Aggressive usage of 'slut' and 'whore' was equal across genders.

 

Jaya Saxena

IRL

Posted on May 27, 2016   Updated on May 26, 2021, 5:11 pm CDT

A new study claims that 50 percent of misogynistic tweets in the U.K. are sent by women.

Demos, “Britain’s leading cross-party think-tank,” conducted a study that tracked aggressive and abusive tweets sent over a three-week period. Specifically, it monitored the usage of the words “slut” and “whore” by U.K. Twitter users, but researchers separated the instances of those words being used in conversational and self-identifying ways from them being used derogatorily.

The results showed that 200,000 aggressive tweets using those terms were sent to 80,000 people worldwide over three weeks, and that half of the aggressors were women. In the U.K. alone, 6,500 such tweets were identified during the same period.

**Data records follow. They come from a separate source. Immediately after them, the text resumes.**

(* Let $K$ be a semifield and $P$ a polygon. Let $d_1,\dots,d_m$ be pairwise non-crossing internal diagonals of $P$ dividing $P$ into subpolygons $P_1,\dots,P_{m+1}$, and let $D_i$ be a dissection of $P_i$ for each $i$. Then the disjoint union $D = \{d_1,\dots,d_m\} \cup D_1 \cup \dots \cup D_{m+1}$ is a dissection of $P$. Moreover, let $f_i : \operatorname{diag}(P_i) \to K$ be a weak frieze with respect to $D_i$ for each $i$, and assume that whenever $P_i$ and $P_j$ share a diagonal $d$ (necessarily an edge of both), $f_i(d) = f_j(d)$. Then there is a unique weak frieze $f : \operatorname{diag}(P) \to K$ with respect to $D$ such that $f|_{\operatorname{diag}(P_i)} = f_i$ for each $i$.
   Context: A semifield is a set $K$ with binary operations $+$ and $\cdot$ such that $+$ is associative and commutative, $(K,\cdot)$ is a commutative group, and $\cdot$ distributes over $+$; no subtraction is assumed. A polygon is a finite set $V$ of at least three vertices with a cyclic order (pictured as a convex polygon in the plane). A diagonal is a two-element subset of $V$ (edges $\{\alpha,\alpha^+\}$, $\alpha^+$ the successor, count as diagonals); $\operatorname{diag}(P)$ is the set of diagonals; non-edges are internal diagonals. $\{\alpha,\beta\}$ and $\{\gamma,\delta\}$ cross if $\alpha,\beta,\gamma,\delta$ are four distinct vertices appearing in the cyclic order as $\alpha,\gamma,\beta,\delta$ or $\alpha,\delta,\beta,\gamma$. A subpolygon is a subset of $V$ of at least three vertices with the induced cyclic order; its diagonals are diagonals of $P$. A dissection is a (possibly empty) set of pairwise non-crossing internal diagonals. Write $f(\alpha,\beta):=f(\{\alpha,\beta\})$. A map $f:\operatorname{diag}(P)\to K$ is a weak frieze with respect to a dissection $D$ if $f(\alpha,\beta)f(\gamma,\delta) = f(\alpha,\gamma)f(\beta,\delta) + f(\alpha,\delta)f(\beta,\gamma)$ whenever $\{\alpha,\beta\}$, $\{\gamma,\delta\}$ are crossing diagonals with $\{\gamma,\delta\} \in D$. *)

From mathcomp Require Import all_boot.
Set Implicit Arguments. Unset Strict Implicit. Unset Printing Implicit Defensive.

Definition is_semifield (K : Type) (add mul : K -> K -> K) : Prop :=
  associative add /\ commutative add /\ associative mul /\ commutative mul /\
  (exists e : K, left_id e mul /\ forall x, exists y, mul x y = e) /\
  left_distributive mul add.

(* The polygon P has vertex set 'I_n (n >= 3) with the cyclic order
   0 -> 1 -> ... -> n-1 -> 0. *)

Definition cbetween n (x y z : 'I_n) : bool :=
  [|| (x < y < z)%N, (y < z < x)%N | (z < x < y)%N].

(* a, c, b, d are four distinct vertices appearing in this cyclic order *)
Definition cyc4 n (a c b d : 'I_n) : bool := cbetween a c b && cbetween b d a.

Definition crossv n (a b c d : 'I_n) : bool := cyc4 a c b d || cyc4 a d b c.

Definition cross_set n (d e : {set 'I_n}) : bool :=
  [exists a : 'I_n, exists b : 'I_n, exists c : 'I_n, exists c' : 'I_n,
     [&& d == [set a; b], e == [set c; c'] & crossv a b c c']].

(* subpolygon: a subset of at least three vertices, with induced cyclic order;
   the whole polygon is [set: 'I_n]. *)
Definition subpolygon n (S : {set 'I_n}) : bool := (3 <= #|S|)%N.

Definition is_diag n (S d : {set 'I_n}) : bool := (d \subset S) && (#|d| == 2).

Definition is_edge n (S d : {set 'I_n}) : bool :=
  [exists a in S, exists b in S,
     [&& a != b, d == [set a; b] & [forall x in S, ~~ cbetween a x b]]].

Definition is_internal n (S d : {set 'I_n}) : bool := is_diag S d && ~~ is_edge S d.

Definition is_dissection n (S : {set 'I_n}) (D : {set {set 'I_n}}) : Prop :=
  (forall d, d \in D -> is_internal S d) /\
  (forall d e, d \in D -> e \in D -> ~~ cross_set d e).

(* the subpolygons into which a dissection E of P divides P: subpolygons all of
   whose edges are edges of P or belong to E, and containing no element of E as
   an internal diagonal *)
Definition is_cell n (E : {set {set 'I_n}}) (S : {set 'I_n}) : bool :=
  [&& subpolygon S,
      [forall d : {set 'I_n}, is_edge S d ==> (is_edge [set: 'I_n] d || (d \in E))]
    & [forall d in E, ~~ is_internal S d]].

Definition cells n (E : {set {set 'I_n}}) : {set {set 'I_n}} := [set S | is_cell E S].

(* f : diag(S) -> K (values off diag(S) irrelevant), f(a,b) := f [set a; b].
   Weak frieze on the subpolygon S with respect to D. *)
Definition weak_frieze (K : Type) (add mul : K -> K -> K) n
    (S : {set 'I_n}) (D : {set {set 'I_n}}) (f : {set 'I_n} -> K) : Prop :=
  forall a b c d : 'I_n, a \in S -> b \in S -> c \in S -> d \in S ->
    crossv a b c d -> [set c; d] \in D ->
    mul (f [set a; b]) (f [set c; d]) =
    add (mul (f [set a; c]) (f [set b; d])) (mul (f [set a; d]) (f [set b; c])).

From mathcomp Require Import all_boot zify.
Set Implicit Arguments. Unset Strict Implicit. Unset Printing Implicit Defensive.

(* Induction on the number of diagonals of E.  Cutting the polygon along a diagonal
   {u, v} of E leaves the two closed arcs from u to v and from v to u, each dissected
   by the diagonals of E it contains, and the cells of E are exactly the cells of these
   two smaller dissections.  Diagonals lying in opposite arcs never cross, which gives
   the dissection part.  For the frieze part, two friezes f1, f2 of the arcs agree on
   {u, v}, and the exchange relation of a diagonal {a, b} crossing {u, v} forces
     f(a, b) = (f1(a, u) f2(b, v) + f1(a, v) f2(b, u)) / f(u, v),
   which gives existence and uniqueness.  The remaining exchange relations, for {a, b}
   crossing a diagonal {c, d} of one arc, follow from those of f1 for {a, u} and
   {a, v} against {c, d} by a semiring identity, so no subtraction is ever needed. *)

Section CyclicOrder.
Variable n : nat.
Implicit Types a b c d u v x y : 'I_n.

(* Equalities are taken on indices so that [lia] sees them. *)
Definition on_arc u v x := [|| x == u :> nat, x == v :> nat | cbetween u x v].

Definition cdist x y := if x <= y then y - x else y + n - x.

(* Facts about the cyclic order of a few vertices are linear arithmetic on indices. *)
Ltac cyclic :=
  rewrite -?(inj_eq (@ord_inj _)); unfold on_arc, crossv, cyc4, cbetween in *; lia.

Lemma crossv_swapl a b c d : crossv a b c d = crossv b a c d.
Proof. apply/idP/idP; cyclic. Qed.

Lemma crossv_swapr a b c d : crossv a b c d = crossv a b d c.
Proof. apply/idP/idP; cyclic. Qed.

Lemma crossv_sym a b c d : crossv a b c d = crossv c d a b.
Proof. apply/idP/idP; cyclic. Qed.

Lemma crossv_distinct a b c d : crossv a b c d ->
  (a != b /\ a != c /\ a != d) /\ (b != c /\ b != d /\ c != d).
Proof. by move=> cr; do !split; move: cr; cyclic. Qed.

Lemma cbetween_cdist a x b : cbetween a x b = (0 < cdist a x < cdist a b)%N.
Proof.
have := ltn_ord a; have := ltn_ord x; have := ltn_ord b.
rewrite /cbetween /cdist; case: (leqP a x); case: (leqP a b) => *; apply/idP/idP; lia.
Qed.

Lemma cdist_inj u : injective (cdist u).
Proof.
move=> a b; rewrite /cdist => e; apply: ord_inj; move: e.
have := ltn_ord a; have := ltn_ord b; have := ltn_ord u; case: (leqP u a); case: (leqP u b); lia.
Qed.

Lemma cdist_gt0 u b : b != u -> (0 < cdist u b)%N.
Proof. rewrite -(inj_eq (@ord_inj n)) /cdist; have := ltn_ord u; case: (leqP u b); lia. Qed.

Lemma on_arc_l u v : on_arc u v u.
Proof. by rewrite /on_arc eqxx. Qed.

Lemma on_arc_r u v : on_arc u v v.
Proof. by rewrite /on_arc eqxx orbT. Qed.

Lemma on_arc_cover u v x : u != v -> on_arc u v x || on_arc v u x.
Proof. cyclic. Qed.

“In order to determine the context of use in these Tweets, we built three Natural Language Processing classifiers—essentially a method for training a computer to make a distinction which would traditionally only be possible for humans to make,” Josh Smith, an associate researcher at the Centre for the Analysis of Social Media at Demos, told the Daily Dot over email. “In practice, this involves a researcher reading and manually coding around 300 Tweets, which the classifier can use as a ‘test’ to see how accurate it is (i.e., how far it agrees with the human’s selection on each of those 300 cases.)”

The study builds on research Demos published in 2014, which found that just 18 percent of the uses of “slut” and “whore” were misogynistic, though more were classified as “casually misogynistic.” However, “women are as almost as likely as men to use the terms ‘slut’ and ‘whore’ on Twitter. Not only are women using these words, they are directing them at each other, both casually and offensively.”

The definition of “casual” usage is certainly not innocuous. In its rundown of the usage of “rape,” Demos used for a casual example “That was my famous rape face :) LOL Joke.” While the intent of the Twitter user may have been “casual,” that doesn’t preclude a tweet like that from being offensive to others. When it comes to abuse, women received abusive tweets using the words “slut” and “whore” in them 6.6 times a minute, so that’s fun.

Smith hopes that the studies are just the tip of the iceberg when it comes to online abuse. “This is by no way an exhaustive study, and has raised a huge number of questions which will need further research to answer—who are the victims of this abuse, for example; and what effect does this language have on our behaviour online?” We’re also worried about what a U.S. study would show.